Gebühr für Sachverhalt Urteil bzw. rechtliche Grundlage
Bar-Ein- und Auszahlungen aufs/vom eigene(n) Konto Buchungen aufs eigene Konto müssen entweder kostenfrei angeboten werden, oder die Bank muss mindestens fünf kostenfreie Kontobewegungen monatlich gewähren (bei Einzelpreisabrechnungen für Privat- oder Geschäftskonten) Urteil des BGH vom 07.05.1996 (Az.Z: XI ZR 217/95)
Kontoauszüge Das Recht, sich kostenlos über die Entwicklung und den Stand des Kontos zu informieren, muss mindestens durch entsprechende Auszugsdrucker oder eine kostenfreie Ausgabe am Schalter gewährleistet werden. Nur bei Zusendung der Auszüge ist eine Gebühr erlaubt, da dies eine Sonderleistung der Bank darstellt §306 BGB
Kontoauszüge Keine Dienstleistung, lediglich Leistungen im Eigeninteresse. Vorsicht! Häufig werden solche Leistungen als Benachrichtigungsentgelte, Bearbeitungsentgelte oder Schadenersatz deklariert. Sie sind unzulässig Urteil des BGH vom 21.10.1997 (Az. XI ZR 5/97 und XI ZR 296/96)
Kontopfändung Zur Bearbeitung von Pfändungs- und Überweisungsbeschlüssen und deren Überwachung sind Banken gesetzlich verpflichtet. Aus diesem Grund müssen sie für die Aufwendungen selbst aufkommen Urteil des BGH vom 18.05.1999 (Az.
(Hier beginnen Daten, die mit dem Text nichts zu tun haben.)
(* Let $(R,\Lambda,S)$ be a generalised Renner–Coxeter system. (i) For every chain $e_1\le e_2\le\cdots\le e_m$ in $E(R)$ there exist $w\in G(R)$ and a chain $f_1\le f_2\le\cdots\le f_m$ in $\Lambda$ such that $wf_iw^{-1}=e_i$ for every $i$. (ii) If $\Lambda$ has a least element $e$, then $\lambda(e)=S$. (iii) For all $e,f\in\Lambda$ and $w\in\mathrm{Red}(e,f)$, $ewf=\max\{h\in\Lambda\mid h\le e,\ h\le f,\ w\in W(h)\}=fw^{-1}e$.
   Context: For a monoid $R$, $E(R)$ is its set of idempotents, $G(R)$ its unit group. $R$ is factorisable if $R=E(R)G(R)=G(R)E(R)$ and idempotents commute; then $E(R)$ is a semilattice ($e\le f\iff ef=fe=e$) on which $G(R)$ acts by conjugation. For $e\in E(R)$, $W(e)=\{w\in G(R)\mid we=ew\}$, $W_\star(e)=\{w\mid we=ew=e\}$. For a Coxeter system $(W,S)$, $W_I$ is the subgroup generated by $I\subseteq S$. A generalised Renner–Coxeter system is a triple $(R,\Lambda,S)$ with: (ECS1) $R$ factorisable; (ECS2) $\Lambda\subseteq E(R)$ contains exactly one element of each $G(R)$-orbit and is closed under multiplication; (ECS3) $(G(R),S)$ is a Coxeter system; (ECS4) for $e_1\le e_2$ in $E(R)$ there are $w\in G(R)$, $f_1\le f_2$ in $\Lambda$ with $wf_iw^{-1}=e_i$; (ECS5) for $e\in\Lambda$, $W(e)$, $W_\star(e)$ are of the form $W_I$; (ECS6) with $\lambda^\star(e)=\{s\in S\mid se=es\ne e\}$, $e\le f$ in $\Lambda$ implies $\lambda^\star(e)\subseteq\lambda^\star(f)$. For $e\in\Lambda$, $\lambda(e)\subseteq S$ is defined by $W(e)=W_{\lambda(e)}$. $\mathrm{Red}(e,f)$ is the set of $w\in G(R)$ of minimal Coxeter length in $W_{\lambda(e)}wW_{\lambda(f)}$. *)

From Stdlib Require Import List.
Import ListNotations.

Record monoid := Monoid {
  mcar :> Type;
  mmul : mcar -> mcar -> mcar;
  mone : mcar;
  mmulA : forall x y z, mmul x (mmul y z) = mmul (mmul x y) z;
  mmul1l : forall x, mmul mone x = x;
  mmul1r : forall x, mmul x mone = x
}.
Arguments mmul {m}.
Arguments mone {m}.

Record group := Group {
  gcar :> Type;
  gmul : gcar -> gcar -> gcar;
  gone : gcar;
  ginv : gcar -> gcar;
  gmulA : forall x y z, gmul x (gmul y z) = gmul (gmul x y) z;
  gmul1l : forall x, gmul gone x = x;
  gmulVl : forall x, gmul (ginv x) x = gone
}.
Arguments gmul {g}.
Arguments gone {g}.
Arguments ginv {g}.

Fixpoint gpow (H : group) (x : H) (n : nat) : H :=
  match n with O => gone | S k => gmul x (gpow H x k) end.
Fixpoint mpow (M : monoid) (x : M) (n : nat) : M :=
  match n with O => mone | S k => mmul x (mpow M x k) end.

Section Defs.
Variable R : monoid.
Local Notation "x * y" := (mmul x y).
Local Notation "1" := (@mone R).

Definition is_unit (x : R) : Prop := exists y : R, x * y = 1 /\ y * x = 1.
Definition idem (x : R) : Prop := x * x = x.
Definition sle (e f : R) : Prop := e * f = e /\ f * e = e.
Definition conj_to (w f e : R) : Prop :=
  exists w' : R, w * w' = 1 /\ w' * w = 1 /\ w * f * w' = e.

Definition factorisable : Prop :=
  (forall x : R, exists e g, idem e /\ is_unit g /\ x = e * g) /\
  (forall x : R, exists g e, is_unit g /\ idem e /\ x = g * e) /\
  (forall e f : R, idem e -> idem f -> e * f = f * e).

Definition wprod (l : list R) : R := fold_right mmul 1 l.
Definition in_WI (I : R -> Prop) (w : R) : Prop :=
  exists l : list R, Forall I l /\ wprod l = w.
Definition has_word_len (S : R -> Prop) (w : R) (n : nat) : Prop :=
  exists l : list R, Forall S l /\ wprod l = w /\ length l = n.

(* (G(R), S) is a Coxeter system: S consists of involutions generating G(R),
   and G(R) has the presentation < S | (st)^{m(s,t)} = 1 >, m(s,t) the order
   of st, expressed by the universal property of the presentation. *)
Definition coxeter_system (S : R -> Prop) : Prop :=
  (forall s, S s -> is_unit s) /\
  (forall s, S s -> s * s = 1 /\ s <> 1) /\
  (forall w, is_unit w -> in_WI S w) /\
  (forall (H : group) (f : R -> H),
     (forall s t n, S s -> S t -> mpow R (s * t) n = 1 ->
         gpow H (gmul (f s) (f t)) n = gone) ->
     exists phi : R -> H,
       (forall x y, is_unit x -> is_unit y -> phi (x * y) = gmul (phi x) (phi y)) /\
       (forall s, S s -> phi s = f s)).

Definition W (e w : R) : Prop := is_unit w /\ w * e = e * w.
Definition Wstar (e w : R) : Prop := is_unit w /\ w * e = e /\ e * w = e.
Definition lambda_star (S : R -> Prop) (e s : R) : Prop := S s /\ s * e = e * s /\ s * e <> e.

Definition is_parabolic (S : R -> Prop) (X : R -> Prop) : Prop :=
  exists I : R -> Prop, (forall s, I s -> S s) /\ (forall w, X w <-> in_WI I w).

(* I is lambda(e), i.e. I ⊆ S and W(e) = W_I *)
Definition is_lambda (S : R -> Prop) (e : R) (I : R -> Prop) : Prop :=
  (forall s, I s -> S s) /\ (forall w, W e w <-> in_WI I w).

Definition gen_renner_coxeter (Lam : R -> Prop) (S : R -> Prop) : Prop :=
  (* ECS1 *) factorisable /\
  (* ECS2 *) (forall f, Lam f -> idem f) /\
             (forall e, idem e -> exists f w, Lam f /\ is_unit w /\ conj_to w f e) /\
             (forall f1 f2 w, Lam f1 -> Lam f2 -> is_unit w -> conj_to w f1 f2 -> f1 = f2) /\
             (forall f1 f2, Lam f1 -> Lam f2 -> Lam (f1 * f2)) /\
  (* ECS3 *) coxeter_system S /\
  (* ECS4 *) (forall e1 e2, idem e1 -> idem e2 -> sle e1 e2 ->
                exists w f1 f2, is_unit w /\ Lam f1 /\ Lam f2 /\ sle f1 f2 /\
                  conj_to w f1 e1 /\ conj_to w f2 e2) /\
  (* ECS5 *) (forall e, Lam e -> is_parabolic S (W e) /\ is_parabolic S (Wstar e)) /\
  (* ECS6 *) (forall e f, Lam e -> Lam f -> sle e f ->
                forall s, lambda_star S e s -> lambda_star S f s).

(* w in Red(e,f): w of minimal Coxeter length in W(e) w W(f)
   (W_{lambda(e)} = W(e) by definition of lambda) *)
Definition Red (S : R -> Prop) (e f w : R) : Prop :=
  is_unit w /\
  forall a b v n, W e a -> W f b -> v = a * w * b -> has_word_len S v n ->
    exists m, m <= n /\ has_word_len S w m.

End Defs.

(* Everything about the Coxeter system is derived from the universal property
   of its presentation: sending each generator s to (s, {s}) in the Tits group
   G(R) x P(R) shows that the parity of the sequence of reflections of a word
   depends only on its product.  This gives the deletion and exchange
   conditions, and with them that reduced words of elements of W_I only use
   letters of I, and that a double coset W_I w W_J meeting W_K has its minimal
   representative in W_K.

   (i) By induction on the chain: ECS4 lifts the top inequality into Λ, and the
   new conjugator can be taken in W*(f) for the previous top f, because by ECS6
   the letters of λ*(f) commute with the new top; it therefore fixes the lower
   part of the chain.
   (ii) For the least e and a unit w, ECS4 applied to e (w^-1 e w) <= w^-1 e w
   shows w^-1 e w <= e, so w commutes with e: W(e) = G(R) and λ(e) = S.
   (iii) For k = e (w f w^-1), ECS4 applied to k <= e and k <= w f w^-1 gives
   g in Λ and w = u y c with u in W(e), y in W*(g), c in W(f).  As w is minimal
   in its double coset, w lies in W*(g), so k = g and e w f = k w = g.  The
   maximality is a direct computation, and f w^-1 e = e w f follows by applying
   the same to w^-1 in Red(f, e). *)

From Stdlib Require Import List Arith Lia Bool FinFun.
From Stdlib Require Import Classical ClassicalEpsilon ProofIrrelevance FunctionalExtensionality.
Import ListNotations.

Declare Scope monoid_scope.
Notation "x * y" := (mmul x y) : monoid_scope.
Notation "1" := mone : monoid_scope.
Open Scope monoid_scope.

Section MonoidFacts.
Context {R : monoid}.
Implicit Types x y z e f g h w : R.

Lemma mulA x y z : x * (y * z) = x * y * z.
Proof. apply mmulA. Qed.
Lemma mul1l x : 1 * x = x.
Proof. apply mmul1l. Qed.
Lemma mul1r x : x * 1 = x.
Proof. apply mmul1r. Qed.

Lemma mulrK x y y' : y * y' = 1 -> x * y * y' = x.
Proof. intro H. rewrite <- mulA, H, mul1r. reflexivity. Qed.

Lemma inverse_unique x y z : x * y = 1 -> z * x = 1 -> y = z.
Proof. intros H1 H2. rewrite <- (mul1l y), <- H2, <- mulA, H1, mul1r. reflexivity. Qed.

Lemma unit_one : is_unit R (@mone R).
Proof. exists 1. split; apply mul1l. Qed.

Lemma unit_mul x y : is_unit R x -> is_unit R y -> is_unit R (x * y).
Proof.
  intros [x' [H1 H2]] [y' [H3 H4]]. exists (y' * x'). split.
  - rewrite <- mulA, (mulA y), H3, mul1l; auto.
  - rewrite <- mulA, (mulA x'), H2, mul1l; auto.
Qed.

Lemma unit_of_inverse w w' : w * w' = 1 -> w' * w = 1 -> is_unit R w.
Proof. intros; exists w'; auto. Qed.

Lemma conj_to_of_inverse w w' f e : w * w' = 1 -> w' * w = 1 -> w * f * w' = e -> conj_to R w f e.
Proof. intros; exists w'; auto. Qed.

Lemma conj_to_inverse w f e w' : conj_to R w f e -> w * w' = 1 -> w' * w = 1 -> w * f * w' = e.
Proof.
  intros [w0 [H1 [H2 H3]]] H4 H5.
  assert (w0 = w') by (apply (inverse_unique w); auto). subst; auto.
Qed.

Lemma wprod_app (a b : list R) : wprod R (a ++ b) = wprod R a * wprod R b.
Proof. induction a; simpl. rewrite mul1l; auto. rewrite IHa, mulA; auto. Qed.

Lemma sle_refl e : idem R e -> sle R e e.
Proof. intro H; split; auto. Qed.

Lemma sle_trans e f g : sle R e f -> sle R f g -> sle R e g.
Proof.
  intros [E1 E2] [E3 E4]. split.
  - rewrite <- E1 at 1. rewrite <- mulA, E3, E1. auto.
  - rewrite <- E2 at 1. rewrite mulA, E4, E2. auto.
Qed.

Lemma sle_antisym e f : sle R e f -> sle R f e -> e = f.
Proof. intros [E1 E2] [E3 E4]. rewrite <- E1, E4. auto. Qed.

Lemma sle_mul h e f : sle R h e -> sle R h f -> sle R h (e * f).
Proof.
  intros [E1 E2] [E3 E4]. split.
  - rewrite mulA, E1, E3. auto.
  - rewrite <- mulA, E4, E2. auto.
Qed.

Lemma sle_mul_l e f : idem R e -> e * f = f * e -> sle R (e * f) e.
Proof. intros Ie C. split; [rewrite <- mulA, <- C, mulA, Ie|rewrite mulA, Ie]; auto. Qed.

Lemma sle_mul_r e f : idem R f -> e * f = f * e -> sle R (e * f) f.
Proof. intros If C. split; [rewrite <- mulA, If|rewrite mulA, <- C, <- mulA, If]; auto. Qed.

Lemma idem_conj w w' e : w' * w = 1 -> idem R e -> idem R (w * e * w').
Proof.
  unfold idem. intros H1 H2.
  rewrite !mulA, <- (mulA (w * e) w' w), H1, mul1r, <- (mulA w e e), H2. auto.
Qed.

Lemma sle_conj w w' e f : w' * w = 1 -> sle R e f -> sle R (w * e * w') (w * f * w').
Proof.
  intros H [E1 E2]. split.
  - rewrite !mulA, <- (mulA (w * e) w' w), H, mul1r, <- (mulA w e f), E1. auto.
  - rewrite !mulA, <- (mulA (w * f) w' w), H, mul1r, <- (mulA w f e), E2. auto.
Qed.

Lemma W_inverse g a a' : W R g a -> a * a' = 1 -> a' * a = 1 -> W R g a'.
Proof.
  intros [_ C] H1 H2. split; [apply (unit_of_inverse a' a); auto|].
  rewrite <- (mulrK (a' * g) a a' H1), <- (mulA a' g a), <- C, !mulA, H2, mul1l. auto.
Qed.

Lemma W_mul g a b : W R g a -> W R g b -> W R g (a * b).
Proof.
  intros [Ua Ca] [Ub Cb]. split; [apply unit_mul; auto|].
  rewrite <- mulA, Cb, mulA, Ca, mulA. auto.
Qed.

Lemma comm_of_conj_fix x x' a : x' * x = 1 -> x * a * x' = a -> x * a = a * x.
Proof. intros H E. rewrite <- E at 2. rewrite <- mulA, H, mul1r. auto. Qed.

Lemma fix_inverse_l w w' g : w' * w = 1 -> w * g = g -> w' * g = g.
Proof. intros H E. rewrite <- E at 1. rewrite mulA, H, mul1l. auto. Qed.

Lemma fix_inverse_r w w' g : w * w' = 1 -> g * w = g -> g * w' = g.
Proof. intros H E. rewrite <- E at 1. apply mulrK; auto. Qed.

Lemma Wstar_conj_below a y y' h : Wstar R a y -> sle R h a -> y * y' = 1 -> y * h * y' = h.
Proof.
  intros [_ [Y1 Y2]] [H1 H2] Hy.
  assert (yh : y * h = h) by (rewrite <- H2, mulA, Y1; auto).
  assert (hy : h * y = h) by (rewrite <- H1, <- mulA, Y2; auto).
  rewrite yh. apply (fix_inverse_r y); auto.
Qed.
XI ZR 219/98) Urteil des BGH vom 19.10.1999 (Az. I ZR 8/99)
Nachforschungsaufträge Die Bank darf für einen Nachforschungsauftrag keine Kosten berechnen, auch wenn der Fehler vom Kunden verursacht wurde LG Frankfurt am Main vom 24.06.1999 (Az.:2/2 O 46/99)
Kontoauskünfte wegen Rückforderung unzulässiger Entgelte Es besteht ein Anspruch auf kostenlose Auskunft zum Nachweis der Forderungen des Kunden OLG Schleswig vom 24.02.2000 (Az. 5 U 116/98)
Konto- und Sparbuchauflösung Keine Entgelte dürfen für die Auflösung von Giro- und Sparkonten erhoben werden. Über 200 Kreditinstitute haben eine entsprechende Selbstverpflichtung unterzeichnet § 307 BGB
Nachlassbearbeitung Banken haben die gesetzliche Verpflichtung, im Todesfall des Kontoinhabers dem Finanzamt die Salden der Konten mitzuteilen und das Konto umzuschreiben, ohne dafür eine Gebühr zu verlangen § 307 BGB
Verwaltung und Änderung von Freistellungsaufträgen Kreditinstitute sind gesetzlich verpflichtet, Kapitalertragsteuer einzuziehen. Deshalb muss die Bearbeitung von Freistellungsaufträgen kostenfrei sein Urteil des BGH vom 15.07.1997 (Az. XI ZR 269/96 und XI ZR 279/96) BVerfG vom 28.03.2000 (Az. 1 BvR 1821/97)
Reklamationen und Prüfung von Buchungen Für die Bearbeitung von Reklamationen dürfen Banken keine Entgelte verlangen, auch wenn sich die beanstandete Buchung als richtig erweist. Jeder Kunde hat das Recht, die Richtigkeit der Buchungen überprüfen zu lassen. LG Köln vom 15.08.2000 (Az. 26 O 30/00)
Verlorene PIN/Kreditkarte Geht der Brief mit der PIN auf dem Postweg verloren, darf die Bank keine Gebühren für die erneute Übersendung der PIN oder die Neuerstellung der Karte verlangen. Nur wenn der Kunde den Verlust oder eine Beschädigung selbst verschuldet, ist eine Gebühr erlaubt. Auch bei Beschädigung der Karte durch einen schlecht gewarteten Geldautomaten hat der Kunde einen Anspruch auf Gebührenfreiheit. LG Frankfurt am Main vom 27.01.2000 (Az. 2/2 O 46/99) OLG Celle vom 04.05.2000 (Az. 13 U 186/99)
Kündigung von maestro- und Kreditkarten Kunden können bereits gezahlte Jahresgebühren anteilig zurückfordern, wenn sie den Vertrag vorzeitig kündigen und keine feste Laufzeitvereinbarung getroffen wurde. OLG Frankfurt am Main vom 14.12.2000 (Az. 1 U 108/99)
Löschungsbewilligung bei Grundpfandrechten Es dürfen nur tatsächliche Sachkosten berechnet werden, wie beispielsweise die Gebühr für notarielle Beglaubigung. Ebenso darf die Bank das Entgelt als scheinbare Hauptleistung nicht ins Vertragsformular aufnehmen. Urteil des BGH vom 07.05.1991 (Az. XI ZR 244/90) OLG Köln vom 28.02.2001 (Az. 13 U 95/00)
Aktienauftrag Die Berechnung einer Zeichnungsgebühr ist unzulässig, solange keine erfolgreiche Ausführung erfolgt. LG Dortmund vom 15.12.2000 (Az. 8 O 377/00)

 

Unser Tipp:
Fordern Sie auch bei kleinen Beträgen unberechtigt erhobene Gebühren zurück. Dazu ist es notwendig,

  • die Kontoauszüge bis zu drei Jahre aufzubewahren
  • die Kontoauszüge zu überprüfen
  • dem Kreditinstitut eine angemessene Frist zur Prüfung und Erstattung zu setzen
  • auf die entsprechende Rechtsprechung hinzuweisen


Bei der Klärung von Problemen und der Rückerstattung der Gebühren können Sie sich auch von speziellen Beschwerdestellen helfen lassen.